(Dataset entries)
Segment Open

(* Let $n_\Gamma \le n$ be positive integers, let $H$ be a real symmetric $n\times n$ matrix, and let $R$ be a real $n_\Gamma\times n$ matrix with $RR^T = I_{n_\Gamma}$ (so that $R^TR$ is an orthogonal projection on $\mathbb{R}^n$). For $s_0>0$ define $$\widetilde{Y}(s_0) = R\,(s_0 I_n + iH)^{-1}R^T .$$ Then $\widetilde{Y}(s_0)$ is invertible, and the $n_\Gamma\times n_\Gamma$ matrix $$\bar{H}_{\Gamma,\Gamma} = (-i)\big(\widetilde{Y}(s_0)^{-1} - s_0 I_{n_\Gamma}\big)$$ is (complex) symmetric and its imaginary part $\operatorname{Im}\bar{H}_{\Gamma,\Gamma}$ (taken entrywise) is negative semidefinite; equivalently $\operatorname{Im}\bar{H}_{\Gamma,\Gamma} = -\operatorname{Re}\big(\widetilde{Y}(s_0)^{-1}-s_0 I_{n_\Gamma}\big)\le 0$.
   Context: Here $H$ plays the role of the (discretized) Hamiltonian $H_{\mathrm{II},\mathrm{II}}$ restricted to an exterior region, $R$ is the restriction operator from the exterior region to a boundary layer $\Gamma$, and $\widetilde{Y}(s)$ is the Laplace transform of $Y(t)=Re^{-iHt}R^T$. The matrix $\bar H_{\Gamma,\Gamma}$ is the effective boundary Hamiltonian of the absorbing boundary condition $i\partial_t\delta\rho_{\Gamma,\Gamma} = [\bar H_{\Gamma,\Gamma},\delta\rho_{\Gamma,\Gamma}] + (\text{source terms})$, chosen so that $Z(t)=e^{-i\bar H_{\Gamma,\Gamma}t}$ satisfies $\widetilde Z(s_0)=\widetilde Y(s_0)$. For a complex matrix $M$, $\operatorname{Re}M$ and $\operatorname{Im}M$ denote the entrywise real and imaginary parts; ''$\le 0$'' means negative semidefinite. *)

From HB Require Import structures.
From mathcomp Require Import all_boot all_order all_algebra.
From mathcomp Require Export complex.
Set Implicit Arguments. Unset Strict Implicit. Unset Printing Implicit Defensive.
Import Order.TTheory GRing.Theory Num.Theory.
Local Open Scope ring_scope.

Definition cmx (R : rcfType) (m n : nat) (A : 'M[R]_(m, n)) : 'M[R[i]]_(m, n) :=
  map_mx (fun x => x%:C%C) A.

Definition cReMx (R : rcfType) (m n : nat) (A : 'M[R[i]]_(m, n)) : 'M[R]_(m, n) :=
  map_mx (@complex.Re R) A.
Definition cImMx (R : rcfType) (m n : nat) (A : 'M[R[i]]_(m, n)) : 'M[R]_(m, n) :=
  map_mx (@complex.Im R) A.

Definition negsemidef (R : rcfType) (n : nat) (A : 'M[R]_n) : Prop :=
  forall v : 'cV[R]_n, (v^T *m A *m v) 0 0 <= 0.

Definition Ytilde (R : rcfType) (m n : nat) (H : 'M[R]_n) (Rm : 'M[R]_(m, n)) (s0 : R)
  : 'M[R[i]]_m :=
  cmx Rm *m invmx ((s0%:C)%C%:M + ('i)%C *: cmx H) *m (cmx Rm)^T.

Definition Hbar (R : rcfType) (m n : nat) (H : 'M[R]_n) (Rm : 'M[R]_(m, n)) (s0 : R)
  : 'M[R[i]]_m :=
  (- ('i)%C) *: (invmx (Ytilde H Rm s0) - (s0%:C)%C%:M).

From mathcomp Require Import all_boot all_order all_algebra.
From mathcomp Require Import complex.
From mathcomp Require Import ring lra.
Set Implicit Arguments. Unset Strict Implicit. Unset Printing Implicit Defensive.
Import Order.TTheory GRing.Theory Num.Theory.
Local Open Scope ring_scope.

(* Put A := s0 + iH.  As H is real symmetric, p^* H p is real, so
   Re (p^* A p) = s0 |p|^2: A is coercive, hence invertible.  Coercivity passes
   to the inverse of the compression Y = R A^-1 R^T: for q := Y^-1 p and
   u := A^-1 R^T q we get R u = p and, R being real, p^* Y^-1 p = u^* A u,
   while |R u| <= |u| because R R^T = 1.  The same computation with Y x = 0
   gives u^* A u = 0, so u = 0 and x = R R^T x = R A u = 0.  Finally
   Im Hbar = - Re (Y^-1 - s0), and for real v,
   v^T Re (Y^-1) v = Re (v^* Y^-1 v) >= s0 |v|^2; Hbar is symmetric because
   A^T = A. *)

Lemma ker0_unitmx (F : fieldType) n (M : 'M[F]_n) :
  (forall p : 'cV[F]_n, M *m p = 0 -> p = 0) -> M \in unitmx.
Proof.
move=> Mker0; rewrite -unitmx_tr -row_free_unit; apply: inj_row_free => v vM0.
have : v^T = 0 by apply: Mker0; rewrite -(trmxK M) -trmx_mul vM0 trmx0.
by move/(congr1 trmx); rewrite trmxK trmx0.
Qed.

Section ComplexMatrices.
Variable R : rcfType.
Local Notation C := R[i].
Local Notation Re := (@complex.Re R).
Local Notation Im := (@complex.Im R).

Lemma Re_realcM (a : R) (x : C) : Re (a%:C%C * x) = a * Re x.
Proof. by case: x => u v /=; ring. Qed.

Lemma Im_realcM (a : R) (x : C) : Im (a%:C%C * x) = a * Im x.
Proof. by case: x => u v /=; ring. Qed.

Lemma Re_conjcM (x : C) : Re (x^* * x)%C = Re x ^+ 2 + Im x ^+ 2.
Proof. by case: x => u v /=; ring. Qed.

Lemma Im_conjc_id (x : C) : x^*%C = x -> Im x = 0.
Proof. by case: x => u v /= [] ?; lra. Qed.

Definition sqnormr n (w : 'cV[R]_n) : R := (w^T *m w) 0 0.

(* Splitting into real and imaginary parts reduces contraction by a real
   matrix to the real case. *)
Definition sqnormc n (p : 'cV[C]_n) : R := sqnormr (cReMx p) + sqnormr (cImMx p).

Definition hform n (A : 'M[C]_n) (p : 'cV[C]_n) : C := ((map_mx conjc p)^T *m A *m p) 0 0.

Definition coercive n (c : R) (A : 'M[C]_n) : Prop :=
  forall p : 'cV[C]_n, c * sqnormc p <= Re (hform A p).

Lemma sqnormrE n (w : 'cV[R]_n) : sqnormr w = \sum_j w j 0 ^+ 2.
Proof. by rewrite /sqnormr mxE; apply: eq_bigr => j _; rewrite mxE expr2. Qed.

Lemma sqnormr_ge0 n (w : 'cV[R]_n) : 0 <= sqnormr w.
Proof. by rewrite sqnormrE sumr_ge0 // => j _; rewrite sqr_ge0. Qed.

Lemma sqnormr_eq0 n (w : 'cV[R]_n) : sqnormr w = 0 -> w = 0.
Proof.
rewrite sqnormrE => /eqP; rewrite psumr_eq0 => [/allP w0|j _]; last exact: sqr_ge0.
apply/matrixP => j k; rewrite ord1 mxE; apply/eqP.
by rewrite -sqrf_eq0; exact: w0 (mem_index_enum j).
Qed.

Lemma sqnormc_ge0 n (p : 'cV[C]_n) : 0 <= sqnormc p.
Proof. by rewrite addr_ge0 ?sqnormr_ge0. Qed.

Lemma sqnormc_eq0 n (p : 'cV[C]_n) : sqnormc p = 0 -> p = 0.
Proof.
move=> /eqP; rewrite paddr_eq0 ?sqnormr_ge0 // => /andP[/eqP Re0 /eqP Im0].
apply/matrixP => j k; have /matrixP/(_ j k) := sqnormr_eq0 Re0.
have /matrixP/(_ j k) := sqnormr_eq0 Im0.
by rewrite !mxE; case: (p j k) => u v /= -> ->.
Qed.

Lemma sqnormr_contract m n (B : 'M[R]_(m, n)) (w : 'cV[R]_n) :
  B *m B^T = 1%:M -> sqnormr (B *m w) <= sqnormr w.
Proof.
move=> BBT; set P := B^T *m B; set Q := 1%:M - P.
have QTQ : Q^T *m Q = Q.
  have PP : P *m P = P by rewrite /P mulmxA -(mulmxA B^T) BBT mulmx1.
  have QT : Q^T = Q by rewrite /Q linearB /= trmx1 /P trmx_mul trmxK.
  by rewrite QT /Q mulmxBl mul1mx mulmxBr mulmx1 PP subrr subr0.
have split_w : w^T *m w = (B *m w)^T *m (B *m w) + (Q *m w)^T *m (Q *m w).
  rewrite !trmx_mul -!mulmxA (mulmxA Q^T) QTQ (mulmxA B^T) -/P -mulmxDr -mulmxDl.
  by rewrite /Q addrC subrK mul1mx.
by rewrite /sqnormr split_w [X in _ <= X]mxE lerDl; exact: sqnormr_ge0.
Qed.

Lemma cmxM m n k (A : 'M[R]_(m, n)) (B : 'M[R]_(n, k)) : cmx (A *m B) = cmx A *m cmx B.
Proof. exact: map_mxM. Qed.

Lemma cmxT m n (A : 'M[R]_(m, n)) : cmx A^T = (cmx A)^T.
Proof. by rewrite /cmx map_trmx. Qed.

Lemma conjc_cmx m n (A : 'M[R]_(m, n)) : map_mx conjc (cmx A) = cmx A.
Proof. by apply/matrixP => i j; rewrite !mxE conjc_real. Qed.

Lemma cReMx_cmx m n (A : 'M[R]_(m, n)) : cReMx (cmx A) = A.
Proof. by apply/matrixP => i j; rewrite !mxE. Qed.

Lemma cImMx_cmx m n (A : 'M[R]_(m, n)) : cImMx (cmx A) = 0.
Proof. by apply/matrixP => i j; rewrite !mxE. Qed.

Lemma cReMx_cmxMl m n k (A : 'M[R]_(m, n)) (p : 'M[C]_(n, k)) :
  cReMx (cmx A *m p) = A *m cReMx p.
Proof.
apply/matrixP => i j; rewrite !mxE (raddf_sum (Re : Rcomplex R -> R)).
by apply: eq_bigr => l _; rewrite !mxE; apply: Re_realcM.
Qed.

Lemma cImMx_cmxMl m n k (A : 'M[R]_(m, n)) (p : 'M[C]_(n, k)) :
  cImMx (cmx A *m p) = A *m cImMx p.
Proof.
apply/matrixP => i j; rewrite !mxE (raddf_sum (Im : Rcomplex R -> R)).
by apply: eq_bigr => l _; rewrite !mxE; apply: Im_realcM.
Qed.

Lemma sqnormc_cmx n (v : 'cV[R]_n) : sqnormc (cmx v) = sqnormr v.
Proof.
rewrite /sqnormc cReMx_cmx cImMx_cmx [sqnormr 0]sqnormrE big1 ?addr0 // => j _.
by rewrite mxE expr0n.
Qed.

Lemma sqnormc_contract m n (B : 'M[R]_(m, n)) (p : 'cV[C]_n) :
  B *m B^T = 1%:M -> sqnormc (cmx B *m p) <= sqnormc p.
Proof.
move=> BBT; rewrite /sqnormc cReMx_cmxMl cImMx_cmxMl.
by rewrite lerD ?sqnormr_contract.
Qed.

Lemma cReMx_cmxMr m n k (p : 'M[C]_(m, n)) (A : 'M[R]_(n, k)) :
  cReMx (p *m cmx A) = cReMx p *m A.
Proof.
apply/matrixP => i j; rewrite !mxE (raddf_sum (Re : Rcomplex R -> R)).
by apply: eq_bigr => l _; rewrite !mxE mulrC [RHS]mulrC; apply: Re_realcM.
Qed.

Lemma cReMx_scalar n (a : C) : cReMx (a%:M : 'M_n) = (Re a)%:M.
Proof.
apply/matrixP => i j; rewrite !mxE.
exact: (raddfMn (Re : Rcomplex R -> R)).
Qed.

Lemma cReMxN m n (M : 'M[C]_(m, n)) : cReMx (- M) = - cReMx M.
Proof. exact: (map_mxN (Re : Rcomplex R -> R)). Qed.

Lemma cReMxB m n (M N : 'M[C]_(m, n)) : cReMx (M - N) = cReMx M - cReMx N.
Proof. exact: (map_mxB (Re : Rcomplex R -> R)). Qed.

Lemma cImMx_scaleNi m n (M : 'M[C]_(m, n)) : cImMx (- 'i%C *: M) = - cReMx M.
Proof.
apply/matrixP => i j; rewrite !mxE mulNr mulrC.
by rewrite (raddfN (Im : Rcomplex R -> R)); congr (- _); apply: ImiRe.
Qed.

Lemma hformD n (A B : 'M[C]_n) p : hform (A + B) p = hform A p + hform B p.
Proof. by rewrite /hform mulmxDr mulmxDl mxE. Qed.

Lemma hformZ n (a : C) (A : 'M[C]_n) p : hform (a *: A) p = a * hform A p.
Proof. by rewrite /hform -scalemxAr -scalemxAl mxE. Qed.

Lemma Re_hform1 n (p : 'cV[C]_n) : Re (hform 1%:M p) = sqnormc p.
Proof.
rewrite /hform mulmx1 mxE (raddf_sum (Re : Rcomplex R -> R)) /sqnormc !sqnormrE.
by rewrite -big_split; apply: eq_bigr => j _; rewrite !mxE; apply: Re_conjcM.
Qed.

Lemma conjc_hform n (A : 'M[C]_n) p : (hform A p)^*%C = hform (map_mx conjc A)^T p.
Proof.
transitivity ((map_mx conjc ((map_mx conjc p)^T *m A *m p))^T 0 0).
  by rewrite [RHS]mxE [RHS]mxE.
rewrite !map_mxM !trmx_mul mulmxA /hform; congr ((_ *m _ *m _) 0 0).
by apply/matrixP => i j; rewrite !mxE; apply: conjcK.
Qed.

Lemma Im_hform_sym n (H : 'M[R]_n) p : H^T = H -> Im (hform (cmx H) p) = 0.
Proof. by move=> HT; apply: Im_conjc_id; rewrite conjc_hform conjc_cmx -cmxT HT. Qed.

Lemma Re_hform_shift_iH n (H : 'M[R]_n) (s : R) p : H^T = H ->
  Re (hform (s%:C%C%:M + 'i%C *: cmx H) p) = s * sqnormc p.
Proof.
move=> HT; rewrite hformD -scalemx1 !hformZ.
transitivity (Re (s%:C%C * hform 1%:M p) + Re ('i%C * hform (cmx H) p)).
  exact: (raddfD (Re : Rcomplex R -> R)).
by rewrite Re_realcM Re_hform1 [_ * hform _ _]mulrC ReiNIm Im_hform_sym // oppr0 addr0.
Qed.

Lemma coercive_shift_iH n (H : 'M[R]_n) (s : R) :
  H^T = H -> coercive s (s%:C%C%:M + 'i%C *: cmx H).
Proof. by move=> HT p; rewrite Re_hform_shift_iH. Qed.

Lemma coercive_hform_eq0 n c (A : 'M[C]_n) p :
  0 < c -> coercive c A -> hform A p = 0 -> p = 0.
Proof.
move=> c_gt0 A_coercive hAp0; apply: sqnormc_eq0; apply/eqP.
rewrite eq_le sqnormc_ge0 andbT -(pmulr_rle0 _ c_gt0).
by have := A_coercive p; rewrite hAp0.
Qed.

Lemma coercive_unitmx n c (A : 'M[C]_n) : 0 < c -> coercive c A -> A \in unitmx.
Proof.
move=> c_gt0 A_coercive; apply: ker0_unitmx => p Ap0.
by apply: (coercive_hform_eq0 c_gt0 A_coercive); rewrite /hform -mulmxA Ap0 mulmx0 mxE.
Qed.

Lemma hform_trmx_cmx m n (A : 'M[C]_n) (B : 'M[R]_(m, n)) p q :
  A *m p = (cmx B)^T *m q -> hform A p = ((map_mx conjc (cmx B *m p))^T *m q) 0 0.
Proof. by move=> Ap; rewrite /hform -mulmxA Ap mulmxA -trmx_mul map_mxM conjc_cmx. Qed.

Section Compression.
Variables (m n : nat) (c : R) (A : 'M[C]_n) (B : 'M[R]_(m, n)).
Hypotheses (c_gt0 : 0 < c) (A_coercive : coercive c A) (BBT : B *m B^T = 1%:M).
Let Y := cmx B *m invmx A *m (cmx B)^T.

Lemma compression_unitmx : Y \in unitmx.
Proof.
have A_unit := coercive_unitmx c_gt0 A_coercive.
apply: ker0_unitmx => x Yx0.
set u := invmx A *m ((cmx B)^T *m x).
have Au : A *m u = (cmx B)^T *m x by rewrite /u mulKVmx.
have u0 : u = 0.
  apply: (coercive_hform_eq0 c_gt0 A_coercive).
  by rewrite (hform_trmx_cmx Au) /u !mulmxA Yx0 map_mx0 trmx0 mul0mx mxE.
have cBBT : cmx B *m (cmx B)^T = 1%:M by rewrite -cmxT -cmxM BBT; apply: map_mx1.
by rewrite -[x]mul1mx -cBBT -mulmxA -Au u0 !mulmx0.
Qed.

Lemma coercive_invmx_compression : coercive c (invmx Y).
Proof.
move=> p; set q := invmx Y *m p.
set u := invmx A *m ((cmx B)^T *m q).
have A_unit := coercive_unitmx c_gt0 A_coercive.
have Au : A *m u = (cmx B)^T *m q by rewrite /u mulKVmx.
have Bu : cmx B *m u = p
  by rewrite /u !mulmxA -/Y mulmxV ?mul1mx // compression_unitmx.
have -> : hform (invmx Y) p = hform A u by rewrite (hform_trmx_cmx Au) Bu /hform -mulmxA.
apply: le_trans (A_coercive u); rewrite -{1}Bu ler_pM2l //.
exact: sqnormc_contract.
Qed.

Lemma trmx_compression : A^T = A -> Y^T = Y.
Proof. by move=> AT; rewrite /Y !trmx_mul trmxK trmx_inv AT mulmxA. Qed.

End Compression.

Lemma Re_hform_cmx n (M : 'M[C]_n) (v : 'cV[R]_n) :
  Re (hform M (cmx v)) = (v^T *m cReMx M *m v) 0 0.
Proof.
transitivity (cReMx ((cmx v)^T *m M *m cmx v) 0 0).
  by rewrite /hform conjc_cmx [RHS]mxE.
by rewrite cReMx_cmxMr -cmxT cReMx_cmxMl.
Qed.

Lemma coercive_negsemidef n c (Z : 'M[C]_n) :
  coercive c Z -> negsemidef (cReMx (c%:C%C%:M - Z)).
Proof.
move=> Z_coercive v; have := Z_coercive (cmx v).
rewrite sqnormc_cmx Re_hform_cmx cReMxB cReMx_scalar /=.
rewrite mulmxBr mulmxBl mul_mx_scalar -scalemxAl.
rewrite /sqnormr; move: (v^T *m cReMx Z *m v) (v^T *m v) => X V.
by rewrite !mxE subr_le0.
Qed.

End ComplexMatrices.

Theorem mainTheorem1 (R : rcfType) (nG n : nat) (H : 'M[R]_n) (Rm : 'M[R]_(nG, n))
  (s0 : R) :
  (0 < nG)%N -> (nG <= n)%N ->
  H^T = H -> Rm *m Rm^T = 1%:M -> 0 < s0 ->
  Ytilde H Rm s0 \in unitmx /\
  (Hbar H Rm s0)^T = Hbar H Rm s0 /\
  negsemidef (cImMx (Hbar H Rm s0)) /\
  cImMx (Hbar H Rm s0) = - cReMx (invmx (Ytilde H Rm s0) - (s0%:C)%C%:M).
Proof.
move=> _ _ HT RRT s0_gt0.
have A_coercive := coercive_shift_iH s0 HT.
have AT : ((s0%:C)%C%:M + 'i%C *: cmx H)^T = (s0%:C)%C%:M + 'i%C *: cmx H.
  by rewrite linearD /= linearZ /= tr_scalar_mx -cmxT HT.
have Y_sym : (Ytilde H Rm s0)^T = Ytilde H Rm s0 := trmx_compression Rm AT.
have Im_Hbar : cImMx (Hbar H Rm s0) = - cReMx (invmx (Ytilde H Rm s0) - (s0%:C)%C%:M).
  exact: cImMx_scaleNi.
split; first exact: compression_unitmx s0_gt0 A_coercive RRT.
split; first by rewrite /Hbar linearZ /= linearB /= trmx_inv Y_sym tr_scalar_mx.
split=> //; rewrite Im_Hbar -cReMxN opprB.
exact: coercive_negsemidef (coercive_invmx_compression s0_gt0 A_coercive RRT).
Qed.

Segment Closed
Segment Open

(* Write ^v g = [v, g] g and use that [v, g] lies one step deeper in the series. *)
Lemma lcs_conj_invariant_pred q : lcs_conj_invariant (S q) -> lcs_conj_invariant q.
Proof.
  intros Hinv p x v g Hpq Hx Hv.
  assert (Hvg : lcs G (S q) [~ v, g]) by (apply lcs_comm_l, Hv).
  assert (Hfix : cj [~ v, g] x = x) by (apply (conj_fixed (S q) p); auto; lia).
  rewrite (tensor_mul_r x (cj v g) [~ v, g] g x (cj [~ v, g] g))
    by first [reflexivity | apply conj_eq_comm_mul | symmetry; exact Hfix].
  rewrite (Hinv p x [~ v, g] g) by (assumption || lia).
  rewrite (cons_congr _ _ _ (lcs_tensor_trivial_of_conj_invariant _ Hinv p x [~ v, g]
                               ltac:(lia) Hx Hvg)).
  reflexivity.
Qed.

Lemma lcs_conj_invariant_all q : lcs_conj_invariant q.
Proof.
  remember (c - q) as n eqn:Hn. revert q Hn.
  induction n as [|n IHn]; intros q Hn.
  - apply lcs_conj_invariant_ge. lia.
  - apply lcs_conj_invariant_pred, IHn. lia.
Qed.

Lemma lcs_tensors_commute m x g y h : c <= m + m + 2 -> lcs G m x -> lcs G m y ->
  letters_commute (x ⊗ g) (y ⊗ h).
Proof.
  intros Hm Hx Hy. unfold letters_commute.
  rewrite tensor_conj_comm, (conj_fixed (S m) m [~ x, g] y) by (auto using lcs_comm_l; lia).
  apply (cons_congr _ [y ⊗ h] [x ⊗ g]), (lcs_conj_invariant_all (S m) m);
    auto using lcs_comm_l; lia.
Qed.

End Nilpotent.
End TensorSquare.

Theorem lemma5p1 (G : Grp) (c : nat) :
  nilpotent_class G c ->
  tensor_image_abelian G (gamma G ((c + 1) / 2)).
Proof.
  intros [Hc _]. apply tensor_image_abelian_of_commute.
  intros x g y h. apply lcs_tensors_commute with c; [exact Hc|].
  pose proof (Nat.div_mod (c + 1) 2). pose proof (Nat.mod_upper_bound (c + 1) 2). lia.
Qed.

Segment Closed

*Task details*
Begin at the line that has "rewrite /sqnormc cReMx_cmx cImMx_cmx" in the entries above; stop after the line that has "Lemma hformZ n". Transcribe exactly those lines and no others.

*Completed task*
rewrite /sqnormc cReMx_cmx cImMx_cmx [sqnormr 0]sqnormrE big1 ?addr0 // => j _.
by rewrite mxE expr0n.
Qed.

Lemma sqnormc_contract m n (B : 'M[R]_(m, n)) (p : 'cV[C]_n) :
  B *m B^T = 1%:M -> sqnormc (cmx B *m p) <= sqnormc p.
Proof.
move=> BBT; rewrite /sqnormc cReMx_cmxMl cImMx_cmxMl.
by rewrite lerD ?sqnormr_contract.
Qed.

Lemma cReMx_cmxMr m n k (p : 'M[C]_(m, n)) (A : 'M[R]_(n, k)) :
  cReMx (p *m cmx A) = cReMx p *m A.
Proof.
apply/matrixP => i j; rewrite !mxE (raddf_sum (Re : Rcomplex R -> R)).
by apply: eq_bigr => l _; rewrite !mxE mulrC [RHS]mulrC; apply: Re_realcM.
Qed.

Lemma cReMx_scalar n (a : C) : cReMx (a%:M : 'M_n) = (Re a)%:M.
Proof.
apply/matrixP => i j; rewrite !mxE.
exact: (raddfMn (Re : Rcomplex R -> R)).
Qed.

Lemma cReMxN m n (M : 'M[C]_(m, n)) : cReMx (- M) = - cReMx M.
Proof. exact: (map_mxN (Re : Rcomplex R -> R)). Qed.

Lemma cReMxB m n (M N : 'M[C]_(m, n)) : cReMx (M - N) = cReMx M - cReMx N.
Proof. exact: (map_mxB (Re : Rcomplex R -> R)). Qed.

Lemma cImMx_scaleNi m n (M : 'M[C]_(m, n)) : cImMx (- 'i%C *: M) = - cReMx M.
Proof.
apply/matrixP => i j; rewrite !mxE mulNr mulrC.
by rewrite (raddfN (Im : Rcomplex R -> R)); congr (- _); apply: ImiRe.
Qed.

Lemma hformD n (A B : 'M[C]_n) p : hform (A + B) p = hform A p + hform B p.
Proof. by rewrite /hform mulmxDr mulmxDl mxE. Qed.

Lemma hformZ n (a : C) (A : 'M[C]_n) p : hform (a *: A) p = a * hform A p.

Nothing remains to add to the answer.